Não repetir erros na Frente Ribeirinha

Uma recente Resolução do Conselho de Ministros criou a Sociedade Frente Tejo, SA 1, que vai implementar a reabilitação de duas áreas da frente ribeirinha: 40 hectares na zona do Cais do Sodré até Santa Apolónia e 104 hectares na zona da Ajuda e de Belém. O investimento governamental previsto para essas duas zonas será de, respectivamente, 50,9 e 86 milhões de euros 2.
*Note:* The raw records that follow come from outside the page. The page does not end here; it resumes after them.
(* Let $A=\{a_1,a_2,\ldots,a_k\}$ be a set of $k\ge1$ distinct positive integers, let $\alpha$ be a positive integer with $\alpha\le k$, let $\tau$ be a permutation of $\{1,2,\ldots,k\}$, and let $A_{\tau(j)}=\{a_{\tau(1)},\ldots,a_{\tau(j)}\}$ for $j=1,\ldots,k$, with $A_{\tau(0)}=\emptyset$. Then \[ (a)\quad f(A)= \sum_{j=1}^k \sum_{ d\mid a_{\tau(j)} } \mu(d)\, 2^{v(A_{\tau(j-1)},d)}, \] \[ (b) \quad f_{\alpha}(A) = \sum_{j=1}^k \sum_{ d\mid a_{\tau(j)} } \mu(d) \binom{v(A_{\tau(j-1)},d)}{\alpha -1}. \]
   Context: $\mu$ is the Möbius function. For a finite set $B$ of positive integers and a positive integer $d$, $v(B,d)$ is the number of multiples of $d$ in $B$ (so $v(\emptyset,d)=0$). $f(A)$ is the number of nonempty subsets $X\subseteq A$ with $\gcd(X)=1$, and $f_\alpha(A)$ is the number of subsets $X\subseteq A$ with $|X|=\alpha$ and $\gcd(X)=1$. Binomial coefficients satisfy $\binom{m}{0}=1$ and $\binom{m}{k}=0$ when $k>m$. *)

From HB Require Import structures.
From mathcomp Require Import all_boot all_order all_algebra all_fingroup.
From mathcomp Require Import finmap.
Set Implicit Arguments. Unset Strict Implicit. Unset Printing Implicit Defensive.
Import GRing.Theory Num.Theory.
Local Open Scope fset_scope.

Definition moebius (n : nat) : int :=
  if n == 0%N then 0%R
  else if all (fun p => logn p n == 1%N) (primes n)
       then ((-1) ^+ size (primes n))%R
       else 0%R.

(* gcd of a finite set of naturals (gcd of the empty set is 0). *)
Definition gcdset (X : {fset nat}) : nat := \big[gcdn/0%N]_(x <- X) x.

Definition v (B : {fset nat}) (d : nat) : nat := #|` [fset x in B | d %| x]|.

Definition f (A : {fset nat}) : nat :=
  #|` [fset X in fpowerset A | (X != fset0) && (gcdset X == 1%N)]|.

Definition f_alpha (alpha : nat) (A : {fset nat}) : nat :=
  #|` [fset X in fpowerset A | (#|` X| == alpha) && (gcdset X == 1%N)]|.

From HB Require Import structures.
From mathcomp Require Import all_boot all_order all_algebra all_fingroup.
From mathcomp Require Import finmap.
Import GRing.Theory Num.Theory.
Local Open Scope fset_scope.

(* When a new element x is added to B, the new subsets with gcd 1 are the
   sets {x} u Y, Y a subset of B, with gcd(x, gcd Y) = 1.  Moebius inversion
   over the divisors d of x turns this condition into "d divides every
   element of Y", so these sets are counted by
   sum_(d | x) mu(d) 2^v(B,d), resp. sum_(d | x) mu(d) C(v(B,d), alpha-1)
   when |Y| = alpha - 1.  Adding the elements of A one at a time in the order
   tau and telescoping gives both formulas. *)

Section Moebius.
Local Open Scope ring_scope.

Lemma moebius_prime_mul p d : prime p -> (0 < d)%N ->
  moebius (p * d)%N = if (p %| d)%N then 0 else - moebius d.
Proof.
move=> p_pr d_gt0; have p_gt0 := prime_gt0 p_pr.
have pd_gt0 : (0 < p * d)%N by rewrite muln_gt0 p_gt0.
rewrite /moebius !gtn_eqF //.
have lognS : (logn p (p * d) = (logn p d).+1)%N.
  by rewrite lognM // logn_prime // eqxx.
have [p_d | p_nd] := boolP (p %| d)%N.
  rewrite ifN //; apply/allP => /(_ p); rewrite mem_primes p_pr pd_gt0 dvdn_mulr //.
  rewrite lognS eqSS => /(_ isT); apply/negP.
  by rewrite -lt0n logn_gt0 mem_primes p_pr d_gt0 p_d.
have p_nprimes : p \notin primes d by rewrite mem_primes (negbTE p_nd) !andbF.
have primesM_p : perm_eq (primes (p * d)) (p :: primes d).
  apply: uniq_perm; rewrite ?primes_uniq //= ?p_nprimes ?primes_uniq //.
  by move=> q; rewrite primesM // primes_prime // inE.
rewrite (perm_all _ primesM_p) (perm_size primesM_p) /= lognS.
have -> : logn p d = 0%N by apply/eqP; rewrite eqn0Ngt logn_gt0.
rewrite (eq_in_all (a2 := fun q => logn q d == 1%N)); last first.
  move=> q q_d; rewrite lognM // logn_prime //.
  by have /negbTE -> : q != p by apply: contraNneq p_nprimes => <-.
by rewrite eqxx /=; case: (all _ _); rewrite ?oppr0 // exprS mulN1r.
Qed.

Lemma sum_divisors_prime_mul_dvd (R : nmodType) p m (F : nat -> R) :
  prime p -> (0 < m)%N ->
  \sum_(d <- divisors (p * m) | (p %| d)%N) F d = \sum_(d <- divisors m) F (p * d)%N.
Proof.
move=> p_pr m_gt0; have p_gt0 := prime_gt0 p_pr.
have pm_gt0 : (0 < p * m)%N by rewrite muln_gt0 p_gt0.
rewrite -big_filter -(big_map (muln p) xpredT); apply: perm_big.
apply: uniq_perm; first by rewrite filter_uniq ?divisors_uniq.
  by rewrite map_inj_uniq ?divisors_uniq // => x y /eqP; rewrite eqn_pmul2l // => /eqP.
move=> d; rewrite mem_filter -dvdn_divisors //; apply/andP/mapP.
  case=> /dvdnP[e ->]; rewrite mulnC dvdn_pmul2l // => e_m.
  by exists e; rewrite 1?mulnC -?dvdn_divisors.
case=> e; rewrite -dvdn_divisors // => e_m ->.
by rewrite dvdn_mulr // dvdn_pmul2l.
Qed.

Lemma sum_divisors_prime_mul_ndvd (R : nmodType) p m (F : nat -> R) :
  prime p -> (0 < m)%N ->
  \sum_(d <- divisors (p * m) | ~~ (p %| d)%N) F d =
  \sum_(d <- divisors m | ~~ (p %| d)%N) F d.
Proof.
move=> p_pr m_gt0; have pm_gt0 : (0 < p * m)%N by rewrite muln_gt0 prime_gt0.
rewrite -big_filter -[RHS]big_filter; apply: perm_big.
apply: uniq_perm; rewrite ?filter_uniq ?divisors_uniq // => d.
rewrite !mem_filter -!dvdn_divisors //; have [//|p_nd /=] := boolP (p %| d)%N.
by rewrite Gauss_dvdr // coprime_sym prime_coprime.
Qed.

Lemma sum_moebius_divisors n : (0 < n)%N ->
  \sum_(d <- divisors n) moebius d = (n == 1)%N%:Z.
Proof.
move=> n_gt0; have [n_lt1 | n_gt1 | ->] := ltngtP n 1; last by rewrite big_seq1.
  by rewrite ltnNge n_gt0 in n_lt1.
have [p p_pr /dvdnP[m nE]] : exists2 p, prime p & (p %| n)%N.
  by exists (pdiv n); [apply: pdiv_prime | apply: pdiv_dvd].
move: n_gt0; rewrite nE mulnC muln_gt0 => /andP[_ m_gt0].
rewrite (bigID (fun d => p %| d)%N) /= sum_divisors_prime_mul_dvd //.
rewrite sum_divisors_prime_mul_ndvd //.
rewrite (eq_big_seq (fun d => if (p %| d)%N then 0 else - moebius d)); last first.
  move=> d; rewrite -dvdn_divisors // => d_m.
  by rewrite moebius_prime_mul ?(dvdn_gt0 m_gt0).
rewrite (bigID (fun d => p %| d)%N) /= big1 ?add0r; last by move=> d ->.
by rewrite (eq_bigr (fun d => - moebius d)) ?sumrN ?addNr // => d /negbTE ->.
Qed.

Lemma sum_moebius_dvd x h : (0 < x)%N -> (0 < h)%N -> (h %| x)%N ->
  \sum_(d <- divisors x | (d %| h)%N) moebius d = (h == 1)%N%:Z.
Proof.
move=> x_gt0 h_gt0 h_x; rewrite -sum_moebius_divisors // -big_filter.
congr (\sum_(d <- _) _); apply: (irr_sorted_eq ltn_trans ltnn).
- by apply: sorted_filter; [exact: ltn_trans | exact: sorted_divisors_ltn].
- exact: sorted_divisors_ltn.
move=> d; rewrite mem_filter -!dvdn_divisors //.
by apply/andP/idP => [[]//| d_h]; rewrite (dvdn_trans d_h h_x).
Qed.

Lemma sum_moebius_coprime x g : (0 < x)%N ->
  \sum_(d <- divisors x) moebius d * (d %| g)%N%:Z = (coprime x g)%:Z.
Proof.
move=> x_gt0; have h_gt0 : (0 < gcdn x g)%N by rewrite gcdn_gt0 x_gt0.
rewrite /coprime -(sum_moebius_dvd _ _ x_gt0 h_gt0 (dvdn_gcdl x g)) [RHS]big_mkcond.
apply: eq_big_seq => d; rewrite -dvdn_divisors // dvdn_gcd => ->.
by case: (d %| g)%N; rewrite ?mulr1 ?mulr0.
Qed.

End Moebius.

Lemma dvdn_gcdset d X : (d %| gcdset X)%N = all (dvdn d) X.
Proof.
rewrite /gcdset; elim: (X : seq nat) => [|y s IH]; first by rewrite big_nil dvdn0.
by rewrite big_cons dvdn_gcd IH.
Qed.

Lemma gcdsetU1 x Y : x \notin Y -> gcdset (x |` Y) = gcdn x (gcdset Y).
Proof. by move=> xY; rewrite /gcdset big_fsetU1. Qed.

Definition nsubsets (B : {fset nat}) (P : pred {fset nat}) : nat :=
  #|` [fset X in fpowerset B | P X]|.

Lemma nsubsets_sum B P : nsubsets B P = (\sum_(X <- fpowerset B | P X) 1)%N.
Proof. by rewrite /nsubsets card_fset_sum1 -big_fset_condE. Qed.

Lemma nsubsets0 P : nsubsets fset0 P = P fset0.
Proof. by rewrite nsubsets_sum fpowerset0 big_mkcond big_seq_fset1; case: (P fset0). Qed.

Lemma nsubsetsE B P : ((nsubsets B P)%:Z = \sum_(X <- fpowerset B) (P X : nat)%:Z)%R.
Proof.
rewrite nsubsets_sum (big_morph Posz PoszD (erefl (Posz 0))) big_mkcond.
by apply: eq_bigr => X _; case: (P X).
Qed.

Lemma eq_in_nsubsets B (P Q : pred {fset nat}) :
  (forall Y, Y `<=` B -> P Y = Q Y) -> nsubsets B P = nsubsets B Q.
Proof.
move=> eqPQ; rewrite !nsubsets_sum big_seq_cond [RHS]big_seq_cond; apply: eq_bigl => Y.
by rewrite fpowersetE; case: (boolP (Y `<=` B)) => // /eqPQ ->.
Qed.

Lemma nsubsetsT B : nsubsets B predT = (2 ^ #|`B|)%N.
Proof. by rewrite -card_fpowerset nsubsets_sum card_fset_sum1. Qed.

Lemma nsubsets_gcdset_dvd B (Q : pred {fset nat}) d :
  nsubsets B (fun Y => Q Y && (d %| gcdset Y)%N) = nsubsets [fset z in B | d %| z]%N Q.
Proof.
rewrite !nsubsets_sum; apply: eq_fbigl_cond => X; rewrite !inE /= !fpowersetE dvdn_gcdset.
case: (Q X); rewrite ?andbF ?andbT //.
apply/andP/fsubsetP => [[/fsubsetP sXB /allP dX] z zX | sXBd].
  by rewrite !inE sXB ?dX.
split; first by apply/fsubsetP => z /sXBd; rewrite !inE => /andP[].
by apply/allP => z /sXBd; rewrite !inE => /andP[].
Qed.

Lemma fpowersetU1_mem (x : nat) (B : {fset nat}) : x \notin B ->
  [fset X in fpowerset (x |` B) | x \in X] = [fset x |` Y | Y in fpowerset B].
Proof.
move=> xB; apply/fsetP => X; rewrite !inE fpowersetE; apply/andP/imfsetP => /=.
  case=> sXxB xX; exists (X `\ x); last by rewrite fsetD1K.
  by rewrite fpowersetE fsubDset.
case=> Y; rewrite fpowersetE => sYB ->.
by rewrite fsetUS // fset1U1.
Qed.

Lemma nsubsetsU1 x (B : {fset nat}) P : x \notin B ->
  nsubsets (x |` B) P = (nsubsets B P + nsubsets B (fun Y => P (x |` Y)))%N.
Proof.
move=> xB; rewrite !nsubsets_sum.
rewrite (big_fsetIDcond _ (fun X : {fset nat} => x \in X)) [LHS]addnC.
congr (_ + _)%N.
  apply: eq_fbigl_cond => X; rewrite !inE /= !fpowersetE.
  by rewrite -fsubsetD1 fsetU1K.
have notin_sub Y : Y `<=` B -> x \notin Y.
  by move=> sYB; apply: contra xB => /(fsubsetP sYB).
rewrite fpowersetU1_mem // big_mkcond /= big_imfset => [|Y1 Y2].
  by rewrite -big_mkcond.
rewrite /= !fpowersetE => /notin_sub xY1 /notin_sub xY2 eqY.
by rewrite -(fsetU1K xY1) eqY fsetU1K.
Qed.

Lemma nsubsets_card_eq B m : nsubsets B (fun Y => #|`Y| == m) = 'C(#|`B|, m).
Proof.
elim/fset1U_rect: B m => [|x B xB IH] m.
  by rewrite nsubsets0 cardfs0 bin0n; case: m.
have cardU1 Y : Y `<=` B -> #|`x |` Y| = #|`Y|.+1.
  by move=> sYB; rewrite cardfsU1 (contra (fsubsetP sYB x) xB).
rewrite nsubsetsU1 // cardfsU1 xB IH; case: m => [|m].
  rewrite !bin0 (eq_in_nsubsets _ _ pred0) => [|Y /cardU1 -> //].
  by rewrite nsubsets_sum big_pred0_eq.
by rewrite binS (eq_in_nsubsets _ _ (fun Y => #|`Y| == m)) ?IH // => Y /cardU1 ->.
Qed.

Lemma nsubsets_coprime_gcdset B (Q : pred {fset nat}) x : (0 < x)%N ->
  ((nsubsets B (fun Y => Q Y && coprime x (gcdset Y)))%:Z =
   \sum_(d <- divisors x) moebius d * (nsubsets [fset z in B | d %| z]%N Q)%:Z)%R.
Proof.
move=> x_gt0; under eq_bigr do rewrite -nsubsets_gcdset_dvd nsubsetsE mulr_sumr.
rewrite nsubsetsE exchange_big /=; apply: eq_bigr => Y _.
case: (Q Y) => /=; last by rewrite big1 // => d _; rewrite mulr0.
by rewrite -sum_moebius_coprime.
Qed.

Lemma f_fsetU1 x B : (0 < x)%N -> x \notin B ->
  ((f (x |` B))%:Z = (f B)%:Z + \sum_(d <- divisors x) moebius d * (2 ^ v B d)%:Z)%R.
Proof.
move=> x_gt0 xB; rewrite /f -!/(nsubsets _ _) nsubsetsU1 // PoszD; congr (_ + _)%R.
rewrite (eq_in_nsubsets _ _ (fun Y => predT Y && coprime x (gcdset Y))) => [|Y sYB].
  by rewrite nsubsets_coprime_gcdset //; under eq_bigr do rewrite nsubsetsT.
have xY : x \notin Y by apply: contra xB => /(fsubsetP sYB).
by rewrite gcdsetU1 // -cardfs_gt0 cardfsU1 xY.
Qed.

Lemma f_alpha_fsetU1 b x B : (0 < x)%N -> x \notin B ->
  ((f_alpha b.+1 (x |` B))%:Z =
   (f_alpha b.+1 B)%:Z + \sum_(d <- divisors x) moebius d * ('C(v B d, b))%:Z)%R.
Proof.
move=> x_gt0 xB; rewrite /f_alpha -!/(nsubsets _ _) nsubsetsU1 // PoszD; congr (_ + _)%R.
rewrite (eq_in_nsubsets _ _ (fun Y => (#|`Y| == b) && coprime x (gcdset Y))) => [|Y sYB].
  by rewrite nsubsets_coprime_gcdset //; under eq_bigr do rewrite nsubsets_card_eq.
have xY : x \notin Y by apply: contra xB => /(fsubsetP sYB).
by rewrite gcdsetU1 // cardfsU1 xY.
Qed.

Section PrefixSums.
Variables (k : nat) (b : 'I_k -> nat).
Hypothesis b_inj : injective b.

Definition prefix (m : nat) : {fset nat} :=
  [fset b i | i in [pred i : 'I_k | (i < m)%N]].

Lemma prefix0 : prefix 0 = fset0.
Proof. by apply/fsetP => z; rewrite inE; apply/imfsetP => -[i]. Qed.

Lemma prefix_all : prefix k = [fset b i | i in 'I_k].
Proof.
by apply/fsetP => z; apply/imfsetP/imfsetP => -[i _ ->]; exists i; rewrite // unfold_in /=.
Qed.

Lemma prefixS m (lt_mk : (m < k)%N) : prefix m.+1 = b (Ordinal lt_mk) |` prefix m.
Proof.
apply/fsetP => z; rewrite !inE; apply/imfsetP/orP => [[i /=]|].
  rewrite unfold_in /= ltnS leq_eqVlt => /orP[/eqP i_m|i_m] ->.
    by left; rewrite (_ : i = Ordinal lt_mk) //; apply: val_inj.
  by right; apply/imfsetP; exists i; rewrite ?unfold_in.
case=> [/eqP ->|/imfsetP[i /= i_m ->]].
  by exists (Ordinal lt_mk); rewrite ?unfold_in /=.
by exists i; move: i_m; rewrite // !unfold_in /= => /ltnW.
Qed.

Lemma notin_prefix m (lt_mk : (m < k)%N) : b (Ordinal lt_mk) \notin prefix m.
Proof.
apply/imfsetP => -[i /=]; rewrite unfold_in /= => i_m /b_inj i_eq.
by rewrite -i_eq ltnn in i_m.
Qed.

Lemma sum_prefix_telescope (R : nmodType)
    (F : {fset nat} -> R) (G : {fset nat} -> nat -> R) :
  F fset0 = 0%R ->
  (forall B i, b i \notin B -> F (b i |` B) = (F B + G B (b i))%R) ->
  F [fset b i | i in 'I_k] = (\sum_(j < k) G (prefix j) (b j))%R.
Proof.
move=> F0 FU1; rewrite -prefix_all.
suff sumF m : (m <= k)%N ->
    F (prefix m) = (\sum_(j < k | (j < m)%N) G (prefix j) (b j))%R.
  by rewrite sumF //; apply: eq_bigl => j; rewrite ltn_ord.
elim: m => [_|m IH lt_mk]; first by rewrite prefix0 F0 big_pred0.
rewrite prefixS FU1 ?notin_prefix // IH 1?ltnW //.
rewrite [RHS](bigD1 (Ordinal lt_mk)) //= [RHS]addrC.
by congr (_ + _)%R; apply: eq_bigl => j; rewrite ltnS ltn_neqAle andbC -val_eqE.
Qed.

End PrefixSums.

Lemma imfset_perm (T : choiceType) k (a : 'I_k -> T) (s : 'S_k) :
  [fset a (s i) | i in 'I_k] = [fset a i | i in 'I_k].
Proof.
apply/fsetP => z; apply/imfsetP/imfsetP => -[i _ ->]; first by exists (s i).
by exists (s^-1 i)%g; rewrite ?permKV.
Qed.

Theorem theorem3p2 (k : nat) (a : 'I_k -> nat) (alpha : nat) (tau : 'S_k) :
  (1 <= k)%N ->
  injective a ->
  (forall i, 0 < a i)%N ->
  (1 <= alpha <= k)%N ->
  let A := [fset a i | i in 'I_k] in
  let Apre (j : 'I_k) := [fset a (tau i) | i in [pred i : 'I_k | (i < j)%N]] in
  ((f A)%:Z =
     \sum_(j < k) \sum_(d <- divisors (a (tau j)))
        moebius d * (2 ^ v (Apre j) d)%:Z)%R /\
  ((f_alpha alpha A)%:Z =
     \sum_(j < k) \sum_(d <- divisors (a (tau j)))
        moebius d * ('C(v (Apre j) d, alpha.-1))%:Z)%R.
Proof.
move=> _ a_inj a_gt0 /andP[alpha_gt0 _] A Apre.
have atau_inj : injective (fun i => a (tau i)) by move=> i j /a_inj/perm_inj.
rewrite /A -(@imfset_perm _ _ a tau); split.
  apply: (sum_prefix_telescope _ _ atau_inj _ (fun B => (f B)%:Z)%R
           (fun B x => \sum_(d <- divisors x) moebius d * (2 ^ v B d)%:Z)%R) => [|B i].
    by rewrite /f -/(nsubsets _ _) nsubsets0.
  exact/f_fsetU1/a_gt0.
case: alpha alpha_gt0 => // c _ /=.
apply: (sum_prefix_telescope _ _ atau_inj _ (fun B => (f_alpha c.+1 B)%:Z)%R
         (fun B x => \sum_(d <- divisors x) moebius d * 'C(v B d, c)%:Z)%R) => [|B i].
  by rewrite /f_alpha -/(nsubsets _ _) nsubsets0.
exact/f_alpha_fsetU1/a_gt0.
Qed.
O PCP não quer ver repetidos na restante faixa ribeirinha de Lisboa os mesmos erros ocorridos na área da Expo98. A avaliação dos resultados desta experiência, sobretudo no pano urbanístico, aconselha muita prudência e ponderação. Tanto mais que a gestão urbanística e o ordenamento do território assumem um papel cada vez mais decisivo no adequado desenvolvimento e gestão das cidades, num processo onde as autarquias legitimadas pelo voto popular têm igual relevância e são os intérpretes do interesse colectivo.
É que está em causa um dos espaços mais nobres da capital do País, grande parte dele agora sob a alçada da sociedade de capitais públicos ‘Frente Tejo’, que recebeu do Governo vastas competências da CML. Os amplos poderes da nova sociedade abrangem uma área de 144 hectares (alguns dos quais estão bem para além da zona ribeirinha) e que contende, entre outras, com importantes valências institucionais e de soberania, económicas, comerciais e residenciais.
A perspectiva de amplos desenvolvimentos imobiliários, bem como de uma “ampla privatização de funções na Praça do Comércio”, a par de outras alterações, justificam assim, na opinião dos comunistas, a “maior atenção”, desde logo quanto às “regras que enformam a entidade que vai conduzir este processo”.
Daí a iniciativa dos eleitos do PCP de chamar também aquele diploma à Assembleia da República para apreciação parlamentar (ratificação), tanto mais que o seu conteúdo encerra ainda outros “complexos aspectos”.
É o caso dos amplos poderes atribuídos nos respectivos Estatutos à sociedade ‘Frente Tejo’ em bens do domínio público e privado, ou da capacidade de entregar empreitadas por ajuste directo, numa área tão sensível como é esta, em níveis muito superiores aos previstos na nossa legislação.
Com efeito, o Código dos Contratos Públicos que entrou em vigor a 30 de Julho, estabelece níveis compreensivelmente mais apertados para este tipo de adjudicação que o diploma governamental “parece querer antecipadamente contornar”.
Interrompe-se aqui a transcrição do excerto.